When Wadeline Jonathas decided to attend UMass Boston, former track and field coach Consandria Walker was shocked.
Jonathas was one of the best 400-meter runners in the nation. As a senior in 2016 at Doherty Memorial High in Worcester, she was the outdoor state runner-up and finished sixth at the New Balance National Outdoor Championships.
“Based on her times, it was very unusual for someone like her to have not gotten a scholarship or looked at other schools,” Walker said.
Jonathas ran many of her fastest times late in the season when many schools had already wrapped up recruiting for graduating seniors. She said UMass Lowell had interest but eventually backed off. UMass Boston ultimately made the most sense for her financially
In one of their first conversations, Walker asked Jonathas about her goals in track and field. The freshman replied, “I want to go to the Olympics.”
“I laughed at first, and I was like, ‘No seriously,” She said while laughing. “She was like, ‘No, I’m serious, I want to go to the Olympics.”
Walker laughed because typically athletes at the Division 3 level don’t go on to compete for Team USA, and while Jonathas was talented, the Olympics still seemed pretty far-fetched.
Almost five years later, Jonathas, 23, may have the last laugh.
Jonathas heads into the US Olympic Track Trials, which run through June 27 in Oregon, with the 10th fastest women’s 400-meter time in the country. Jonathas — who has already represented the United States at the World Championships in 2019 — is focusing on confidence and is as determined as she’s ever been.
Seven years ago, Jonathas didn’t even know what track and field was.
Then a high school sophomore, Jonathas, who moved from Haiti to Malden before later moving to Worcester, played on the women’s basketball team at Doherty High. One day, a coach approached her about joining the track team.
“I remember asking him, ‘Well, what is that?’ and he was like ‘Oh, it’s just running,” she said while laughing. “My only thing was I didn’t have running shoes, but he told me I could wear basketball shoes.”
She quickly ditched her basketball shoes for track spikes, and just four years later, she put on a spectacular performances.
As a UMass Boston sophomore, she led the Beacons to an indoor national championship by winning the 60, 200, 400, and long jump titles, scoring 40 points to single-handedly outscore the second-place team, Williams. To add to her dominant day, she broke her meet record in the 400-meters with a time of 54.26.
At the meet, an athlete from another school approached Jonathas and said, “Why haven’t you gone Division 1 yet?
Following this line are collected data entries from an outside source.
Lemma perm_unit_dmul_mem s P : P \in Istar n ->
  (dmul (perm_unit s) P \in T) = (P \in T).
Proof.
move=> PI; have sPI := dmul_Istar (perm_unit_Istar s) PI.
apply: (@eqb_of_iff (perm_unit 1 \in T)); split=> [sPT | PT].
  rewrite -(perm_unit_dmulK s (Istar_partition PI)).
  by apply: dmul_mem_same; rewrite ?perm_unit_Istar ?perm_unit_mem.
by apply: dmul_mem_same; rewrite ?perm_unit_Istar ?perm_unit_mem.
Qed.

Lemma dmul_perm_unit_mem s P : P \in Istar n ->
  (dmul P (perm_unit s) \in T) = (P \in T).
Proof.
move=> PI; have Ps_I := dmul_Istar PI (perm_unit_Istar s).
apply: (@eqb_of_iff (perm_unit 1 \in T)); split=> [PsT | PT].
  rewrite -(dmul_perm_unitK s (Istar_partition PI)).
  by apply: dmul_mem_same; rewrite ?perm_unit_Istar ?perm_unit_mem.
by apply: dmul_mem_same; rewrite ?perm_unit_Istar ?perm_unit_mem.
Qed.

Lemma perm_conj_mem g P : P \in Istar n -> (perm_conj g P \in T) = (P \in T).
Proof.
move=> PI.
by rewrite dmul_perm_unit_mem ?perm_unit_dmul_mem ?dmul_Istar ?perm_unit_Istar.
Qed.

Lemma nonunit_mem a : 0 < n -> a \in Istar n -> a \notin Sn n ->
  (a \in T) = (single_block n \in T).
Proof.
move=> n_gt0 aI aNS; apply: esym.
suff coarsen x : x \in Istar n -> (x \in T) = (a \in T) ->
    (single_block n \in T) = (a \in T).
  exact: coarsen aI erefl.
have [m] := ubnP #|split_pairs x|; elim: m x => // m IHm x splitx xI xa.
have [/(split_pairs_eq0 n_gt0 xI) <- // | xsplit] := eqVneq (split_pairs x) set0.
have [g /proper_card finer] := split_pairs_perm_conj xI aI aNS xsplit.
apply: (IHm (dmul x (perm_conj g a))); first exact: leq_trans finer _.
  by rewrite dmul_Istar ?perm_conj_Istar.
by apply: dmul_mem_same; rewrite ?perm_conj_mem ?dmul_Istar ?perm_unit_Istar.
Qed.

Lemma completely_isolatedE : 0 < n ->
  T = [set P in Istar n |
        if P \in Sn n then perm_unit 1 \in T else single_block n \in T].
Proof.
have [[TI _] _] := isoT; move=> n_gt0; apply/setP => P; rewrite inE.
have [PI | PNI] := boolP (P \in Istar n).
  by case: ifPn => [/SnP[s ->] | PNS] /=; [rewrite perm_unit_mem | rewrite nonunit_mem].
by apply: contraNF PNI; apply: (subsetP TI).
Qed.

End CompletelyIsolated.

Lemma completely_isolated_Istar n : 0 < n -> completely_isolated (Istar n).
Proof.
move=> n_gt0; split=> [|a b aI _ _]; last by left.
split=> //; split=> [|a b]; last exact: dmul_Istar.
by apply/set0Pn; exists (single_block n); apply: single_block_Istar.
Qed.

Lemma completely_isolated_Sn n : completely_isolated (Sn n).
Proof.
split=> [|a b aI bI abS]; last by left; apply: dmul_Snl abS.
split; first exact: Sn_sub_Istar.
split=> [|a b]; last exact: dmul_Sn.
by apply/set0Pn; exists (perm_unit 1%g); apply/SnP; exists 1%g.
Qed.

Lemma completely_isolated_nonunits n :
  1 < n -> completely_isolated (Istar n :\: Sn n).
Proof.
move=> n_gt1; split=> [|a b aI bI]; last first.
  rewrite !in_setD aI bI !andbT => /andP[abNS _].
  have [aS | aNS] := boolP (a \in Sn n); last by left.
  by right; exact: contraNN (dmul_Sn aS) abNS.
split; first exact: subsetDl.
split=> [|a b]; rewrite ?in_setD.
  apply/set0Pn; exists (single_block n).
  by rewrite in_setD single_block_notin_Sn ?single_block_Istar // ltnW.
move=> /andP[aNS aI] /andP[_ bI]; rewrite dmul_Istar // andbT.
exact: contraNN (dmul_Snl aI bI) aNS.
Qed.

Theorem mainTheorem8 (n : nat) (hn : 2 <= n) (T : {set {set {set pt n}}}) :
  completely_isolated T <->
  (T = Istar n \/ T = Sn n \/ T = Istar n :\: Sn n).
Proof.
split=> [isoT | [-> | [-> | ->]]]; last first.
- exact: completely_isolated_nonunits.
- exact: completely_isolated_Sn.
- exact/completely_isolated_Istar/ltnW.
have [[_ [T0 _]] _] := isoT; move: T0.
rewrite (completely_isolatedE isoT (ltnW hn)).
case: (perm_unit 1 \in T); case: (single_block n \in T) => T0.
- by left; apply/setP => P; rewrite inE if_same andbT.
- right; left; apply/setP => P; rewrite inE.
  by case: ifP => [/(subsetP (Sn_sub_Istar n)) -> | _]; rewrite ?andbF.
- by right; right; apply/setP => P; rewrite !inE; case: ifP; rewrite ?andbF ?andbT.
- by case/set0Pn: T0 => P; rewrite inE if_same andbF.
Qed.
What are you scared of, losing?” The comment upset her.
“When he said that, it was a wakeup call for me because a lot of people must’ve been thinking that, but I didn’t know anything about other divisions,” she said.
Jonathas led UMass Boston to another national championship in the outdoor season, then transferred to Division 1 South Carolina. When she began competing at South Carolina, she ran faster than she’d ever run, but also lost more than she’d ever lost. Nevertheless, the experience taught her a lot.
“Running fast is one thing, but running fast and getting beaten is another thing. It humbles you,” she said.
Jonathas said the transition to South Carolina was challenging at times, but she made it look seamless. At the 2019 NCAA Outdoor National Championships, the junior won the 400-meter national title, finishing in 50.60. Later that day, she helped South Carolina’s 4x400 relay team win gold.
A month later, she finished third at the USATF Outdoor Championships, earning her a spot on Team USA at the World Championships. At the World Championships, she smashed her personal best, running 49.60 in the 400 to finish fourth in the world. Jonathas then ran the anchor leg for Team USA’s gold-medal 4x400 relay.
“I was happy with the time that I ran, but I was frustrated that I didn’t medal. So that made me hungry for more. I wanted to be on that podium,” she said.
Jonathas is using that hunger as motivation to make the Olympic games, which take place this summer in Tokyo from July 23 to Aug. 8. To make the team, athletes have to finish in the top three at the Olympic trials.
“I want to make the team really bad. If I have to crawl, if I have to dive, whatever I have to do, I will do it to get top three,” she said.
Jonathas’s training has become increasingly challenging, and she described it as “hell.” Her training partner is Aaron Anderson, a volunteer coach at South Carolina, and he said Jonathas’s drive makes her special.
“When you see athletes with her dedication, her professionalism, who want it so bad, it’s hard to not get on board,” Anderson said. “Her track I.Q. is off the charts. You really have to bring your ‘A’ game every day. She’s a smart athlete, she asks great questions, and it’s a pleasure to work with her every day.”
Jonathas said her biggest focus heading into the Olympic trials is confidence.
“Nothing beats confidence. If you’re not confident, I don’t care how prepared you are; you aren’t going to make it out there,” she said. “Confidence is one thing I am looking to master, and it’s tougher than it looks. You know we all look very confident, but deep down, everybody’s scared. I want to be fearless.”